--- TASK INSTRUCTIONS ---
Transcribe all of the records exactly, leaving every line as it is.

==== LISTED ENTRIES

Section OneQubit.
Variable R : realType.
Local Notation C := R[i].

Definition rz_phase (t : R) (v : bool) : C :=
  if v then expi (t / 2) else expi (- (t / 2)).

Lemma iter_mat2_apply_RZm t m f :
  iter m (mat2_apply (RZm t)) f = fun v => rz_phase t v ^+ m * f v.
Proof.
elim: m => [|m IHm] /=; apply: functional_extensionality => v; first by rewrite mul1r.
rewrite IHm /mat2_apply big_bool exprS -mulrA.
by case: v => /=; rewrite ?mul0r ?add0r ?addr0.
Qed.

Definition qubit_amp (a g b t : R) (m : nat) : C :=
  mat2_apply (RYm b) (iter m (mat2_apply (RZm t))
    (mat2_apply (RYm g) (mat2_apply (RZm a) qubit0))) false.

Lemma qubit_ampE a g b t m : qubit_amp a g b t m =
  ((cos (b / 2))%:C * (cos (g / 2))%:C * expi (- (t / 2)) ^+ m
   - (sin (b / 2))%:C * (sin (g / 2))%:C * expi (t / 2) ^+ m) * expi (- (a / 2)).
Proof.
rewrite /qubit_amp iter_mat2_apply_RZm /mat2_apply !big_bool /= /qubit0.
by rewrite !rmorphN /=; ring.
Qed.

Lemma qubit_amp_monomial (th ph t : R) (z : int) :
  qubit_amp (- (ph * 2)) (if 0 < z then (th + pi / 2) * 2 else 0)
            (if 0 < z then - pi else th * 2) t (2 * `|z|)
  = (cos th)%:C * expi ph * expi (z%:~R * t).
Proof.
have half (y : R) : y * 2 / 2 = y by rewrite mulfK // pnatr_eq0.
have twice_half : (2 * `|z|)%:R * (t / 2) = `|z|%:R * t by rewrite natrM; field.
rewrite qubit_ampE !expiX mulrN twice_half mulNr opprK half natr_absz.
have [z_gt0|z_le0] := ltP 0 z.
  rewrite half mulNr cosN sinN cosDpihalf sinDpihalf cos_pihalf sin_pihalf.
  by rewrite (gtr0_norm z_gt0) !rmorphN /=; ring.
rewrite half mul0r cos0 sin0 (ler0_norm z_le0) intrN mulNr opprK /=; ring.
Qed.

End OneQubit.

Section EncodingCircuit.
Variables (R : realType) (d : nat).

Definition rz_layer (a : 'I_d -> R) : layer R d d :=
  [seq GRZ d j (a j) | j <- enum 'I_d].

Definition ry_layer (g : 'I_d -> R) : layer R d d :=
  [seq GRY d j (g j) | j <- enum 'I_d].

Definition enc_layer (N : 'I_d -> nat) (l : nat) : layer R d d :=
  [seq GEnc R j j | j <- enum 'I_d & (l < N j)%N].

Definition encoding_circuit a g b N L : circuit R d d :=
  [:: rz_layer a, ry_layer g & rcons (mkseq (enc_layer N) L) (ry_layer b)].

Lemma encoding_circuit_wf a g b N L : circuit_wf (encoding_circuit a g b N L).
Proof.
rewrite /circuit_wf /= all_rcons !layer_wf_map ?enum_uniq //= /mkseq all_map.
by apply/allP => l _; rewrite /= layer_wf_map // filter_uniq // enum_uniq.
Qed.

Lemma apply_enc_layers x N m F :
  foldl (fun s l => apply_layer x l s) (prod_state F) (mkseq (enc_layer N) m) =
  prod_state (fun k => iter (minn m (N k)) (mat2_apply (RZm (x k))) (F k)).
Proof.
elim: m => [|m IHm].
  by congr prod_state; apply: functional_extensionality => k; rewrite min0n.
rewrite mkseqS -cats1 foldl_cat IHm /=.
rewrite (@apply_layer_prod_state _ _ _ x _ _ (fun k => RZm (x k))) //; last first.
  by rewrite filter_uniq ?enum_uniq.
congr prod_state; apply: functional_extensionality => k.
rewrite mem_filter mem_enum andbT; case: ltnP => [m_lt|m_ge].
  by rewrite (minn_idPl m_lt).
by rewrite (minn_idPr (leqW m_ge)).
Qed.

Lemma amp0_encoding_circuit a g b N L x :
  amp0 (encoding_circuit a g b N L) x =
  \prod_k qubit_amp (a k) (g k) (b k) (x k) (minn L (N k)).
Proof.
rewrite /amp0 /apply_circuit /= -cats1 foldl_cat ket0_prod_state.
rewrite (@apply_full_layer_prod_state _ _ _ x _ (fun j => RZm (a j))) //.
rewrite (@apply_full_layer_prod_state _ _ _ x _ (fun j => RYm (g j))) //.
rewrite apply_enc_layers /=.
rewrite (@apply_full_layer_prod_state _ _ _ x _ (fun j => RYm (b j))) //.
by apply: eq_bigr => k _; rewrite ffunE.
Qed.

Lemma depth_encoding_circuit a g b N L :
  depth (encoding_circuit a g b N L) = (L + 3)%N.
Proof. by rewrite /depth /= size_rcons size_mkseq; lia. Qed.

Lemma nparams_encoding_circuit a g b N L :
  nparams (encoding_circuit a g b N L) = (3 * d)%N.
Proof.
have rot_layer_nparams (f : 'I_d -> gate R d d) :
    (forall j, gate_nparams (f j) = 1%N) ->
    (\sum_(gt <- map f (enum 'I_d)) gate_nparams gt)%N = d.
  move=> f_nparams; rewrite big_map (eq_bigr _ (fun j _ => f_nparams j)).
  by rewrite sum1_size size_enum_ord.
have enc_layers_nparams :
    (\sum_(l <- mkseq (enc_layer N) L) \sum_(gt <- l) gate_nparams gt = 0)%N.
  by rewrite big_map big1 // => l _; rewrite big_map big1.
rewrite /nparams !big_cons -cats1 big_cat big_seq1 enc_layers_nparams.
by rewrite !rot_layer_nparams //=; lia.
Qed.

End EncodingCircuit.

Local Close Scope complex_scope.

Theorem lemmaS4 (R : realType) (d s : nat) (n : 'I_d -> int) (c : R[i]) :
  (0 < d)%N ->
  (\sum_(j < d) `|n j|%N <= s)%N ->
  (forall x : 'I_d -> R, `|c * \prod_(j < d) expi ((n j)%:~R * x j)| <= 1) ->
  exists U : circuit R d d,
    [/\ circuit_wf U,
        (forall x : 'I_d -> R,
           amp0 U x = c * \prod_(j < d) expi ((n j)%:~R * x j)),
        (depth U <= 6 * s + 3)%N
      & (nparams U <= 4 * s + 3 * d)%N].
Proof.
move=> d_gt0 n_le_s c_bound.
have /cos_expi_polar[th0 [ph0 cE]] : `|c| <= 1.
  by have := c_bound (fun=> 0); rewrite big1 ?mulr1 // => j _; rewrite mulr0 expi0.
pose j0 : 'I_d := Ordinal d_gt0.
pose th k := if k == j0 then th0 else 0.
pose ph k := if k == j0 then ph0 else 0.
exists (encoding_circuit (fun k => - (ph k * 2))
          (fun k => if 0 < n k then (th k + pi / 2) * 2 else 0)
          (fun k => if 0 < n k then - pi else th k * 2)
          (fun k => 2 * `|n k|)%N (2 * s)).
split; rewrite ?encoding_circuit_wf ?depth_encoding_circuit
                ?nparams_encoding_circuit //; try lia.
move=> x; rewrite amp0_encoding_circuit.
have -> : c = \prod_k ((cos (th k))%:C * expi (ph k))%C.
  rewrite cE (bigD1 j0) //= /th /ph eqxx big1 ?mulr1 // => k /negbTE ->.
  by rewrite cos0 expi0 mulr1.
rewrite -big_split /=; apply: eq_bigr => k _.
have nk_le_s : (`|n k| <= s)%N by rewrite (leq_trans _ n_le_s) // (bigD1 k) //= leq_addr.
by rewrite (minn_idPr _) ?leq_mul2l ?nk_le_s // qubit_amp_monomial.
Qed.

========

--- SOLUTION TO THIS TASK ---
Section OneQubit.
Variable R : realType.
Local Notation C := R[i].

Definition rz_phase (t : R) (v : bool) : C :=
  if v then expi (t / 2) else expi (- (t / 2)).

Lemma iter_mat2_apply_RZm t m f :
  iter m (mat2_apply (RZm t)) f = fun v => rz_phase t v ^+ m * f v.
Proof.
elim: m => [|m IHm] /=; apply: functional_extensionality => v; first by rewrite mul1r.
rewrite IHm /mat2_apply big_bool exprS -mulrA.
by case: v => /=; rewrite ?mul0r ?add0r ?addr0.
Qed.

Definition qubit_amp (a g b t : R) (m : nat) : C :=
  mat2_apply (RYm b) (iter m (mat2_apply (RZm t))
    (mat2_apply (RYm g) (mat2_apply (RZm a) qubit0))) false.

Lemma qubit_ampE a g b t m : qubit_amp a g b t m =
  ((cos (b / 2))%:C * (cos (g / 2))%:C * expi (- (t / 2)) ^+ m
   - (sin (b / 2))%:C * (sin (g / 2))%:C * expi (t / 2) ^+ m) * expi (- (a / 2)).
Proof.
rewrite /qubit_amp iter_mat2_apply_RZm /mat2_apply !big_bool /= /qubit0.
by rewrite !rmorphN /=; ring.
Qed.

Lemma qubit_amp_monomial (th ph t : R) (z : int) :
  qubit_amp (- (ph * 2)) (if 0 < z then (th + pi / 2) * 2 else 0)
            (if 0 < z then - pi else th * 2) t (2 * `|z|)
  = (cos th)%:C * expi ph * expi (z%:~R * t).
Proof.
have half (y : R) : y * 2 / 2 = y by rewrite mulfK // pnatr_eq0.
have twice_half : (2 * `|z|)%:R * (t / 2) = `|z|%:R * t by rewrite natrM; field.
rewrite qubit_ampE !expiX mulrN twice_half mulNr opprK half natr_absz.
have [z_gt0|z_le0] := ltP 0 z.
  rewrite half mulNr cosN sinN cosDpihalf sinDpihalf cos_pihalf sin_pihalf.
  by rewrite (gtr0_norm z_gt0) !rmorphN /=; ring.
rewrite half mul0r cos0 sin0 (ler0_norm z_le0) intrN mulNr opprK /=; ring.
Qed.

End OneQubit.

Section EncodingCircuit.
Variables (R : realType) (d : nat).

Definition rz_layer (a : 'I_d -> R) : layer R d d :=
  [seq GRZ d j (a j) | j <- enum 'I_d].

Definition ry_layer (g : 'I_d -> R) : layer R d d :=
  [seq GRY d j (g j) | j <- enum 'I_d].

Definition enc_layer (N : 'I_d -> nat) (l : nat) : layer R d d :=
  [seq GEnc R j j | j <- enum 'I_d & (l < N j)%N].

Definition encoding_circuit a g b N L : circuit R d d :=
  [:: rz_layer a, ry_layer g & rcons (mkseq (enc_layer N) L) (ry_layer b)].

Lemma encoding_circuit_wf a g b N L : circuit_wf (encoding_circuit a g b N L).
Proof.
rewrite /circuit_wf /= all_rcons !layer_wf_map ?enum_uniq //= /mkseq all_map.
by apply/allP => l _; rewrite /= layer_wf_map // filter_uniq // enum_uniq.
Qed.

Lemma apply_enc_layers x N m F :
  foldl (fun s l => apply_layer x l s) (prod_state F) (mkseq (enc_layer N) m) =
  prod_state (fun k => iter (minn m (N k)) (mat2_apply (RZm (x k))) (F k)).
Proof.
elim: m => [|m IHm].
  by congr prod_state; apply: functional_extensionality => k; rewrite min0n.
rewrite mkseqS -cats1 foldl_cat IHm /=.
rewrite (@apply_layer_prod_state _ _ _ x _ _ (fun k => RZm (x k))) //; last first.
  by rewrite filter_uniq ?enum_uniq.
congr prod_state; apply: functional_extensionality => k.
rewrite mem_filter mem_enum andbT; case: ltnP => [m_lt|m_ge].
  by rewrite (minn_idPl m_lt).
by rewrite (minn_idPr (leqW m_ge)).
Qed.

Lemma amp0_encoding_circuit a g b N L x :
  amp0 (encoding_circuit a g b N L) x =
  \prod_k qubit_amp (a k) (g k) (b k) (x k) (minn L (N k)).
Proof.
rewrite /amp0 /apply_circuit /= -cats1 foldl_cat ket0_prod_state.
rewrite (@apply_full_layer_prod_state _ _ _ x _ (fun j => RZm (a j))) //.
rewrite (@apply_full_layer_prod_state _ _ _ x _ (fun j => RYm (g j))) //.
rewrite apply_enc_layers /=.
rewrite (@apply_full_layer_prod_state _ _ _ x _ (fun j => RYm (b j))) //.
by apply: eq_bigr => k _; rewrite ffunE.
Qed.

Lemma depth_encoding_circuit a g b N L :
  depth (encoding_circuit a g b N L) = (L + 3)%N.
Proof. by rewrite /depth /= size_rcons size_mkseq; lia. Qed.

Lemma nparams_encoding_circuit a g b N L :
  nparams (encoding_circuit a g b N L) = (3 * d)%N.
Proof.
have rot_layer_nparams (f : 'I_d -> gate R d d) :
    (forall j, gate_nparams (f j) = 1%N) ->
    (\sum_(gt <- map f (enum 'I_d)) gate_nparams gt)%N = d.
  move=> f_nparams; rewrite big_map (eq_bigr _ (fun j _ => f_nparams j)).
  by rewrite sum1_size size_enum_ord.
have enc_layers_nparams :
    (\sum_(l <- mkseq (enc_layer N) L) \sum_(gt <- l) gate_nparams gt = 0)%N.
  by rewrite big_map big1 // => l _; rewrite big_map big1.
rewrite /nparams !big_cons -cats1 big_cat big_seq1 enc_layers_nparams.
by rewrite !rot_layer_nparams //=; lia.
Qed.

End EncodingCircuit.

Local Close Scope complex_scope.

Theorem lemmaS4 (R : realType) (d s : nat) (n : 'I_d -> int) (c : R[i]) :
  (0 < d)%N ->
  (\sum_(j < d) `|n j|%N <= s)%N ->
  (forall x : 'I_d -> R, `|c * \prod_(j < d) expi ((n j)%:~R * x j)| <= 1) ->
  exists U : circuit R d d,
    [/\ circuit_wf U,
        (forall x : 'I_d -> R,
           amp0 U x = c * \prod_(j < d) expi ((n j)%:~R * x j)),
        (depth U <= 6 * s + 3)%N
      & (nparams U <= 4 * s + 3 * d)%N].
Proof.
move=> d_gt0 n_le_s c_bound.
have /cos_expi_polar[th0 [ph0 cE]] : `|c| <= 1.
  by have := c_bound (fun=> 0); rewrite big1 ?mulr1 // => j _; rewrite mulr0 expi0.
pose j0 : 'I_d := Ordinal d_gt0.
pose th k := if k == j0 then th0 else 0.
pose ph k := if k == j0 then ph0 else 0.
exists (encoding_circuit (fun k => - (ph k * 2))
          (fun k => if 0 < n k then (th k + pi / 2) * 2 else 0)
          (fun k => if 0 < n k then - pi else th k * 2)
          (fun k => 2 * `|n k|)%N (2 * s)).
split; rewrite ?encoding_circuit_wf ?depth_encoding_circuit
                ?nparams_encoding_circuit //; try lia.
move=> x; rewrite amp0_encoding_circuit.
have -> : c = \prod_k ((cos (th k))%:C * expi (ph k))%C.
  rewrite cE (bigD1 j0) //= /th /ph eqxx big1 ?mulr1 // => k /negbTE ->.
  by rewrite cos0 expi0 mulr1.
rewrite -big_split /=; apply: eq_bigr => k _.
have nk_le_s : (`|n k| <= s)%N by rewrite (leq_trans _ n_le_s) // (bigD1 k) //= leq_addr.
by rewrite (minn_idPr _) ?leq_mul2l ?nk_le_s // qubit_amp_monomial.
Qed.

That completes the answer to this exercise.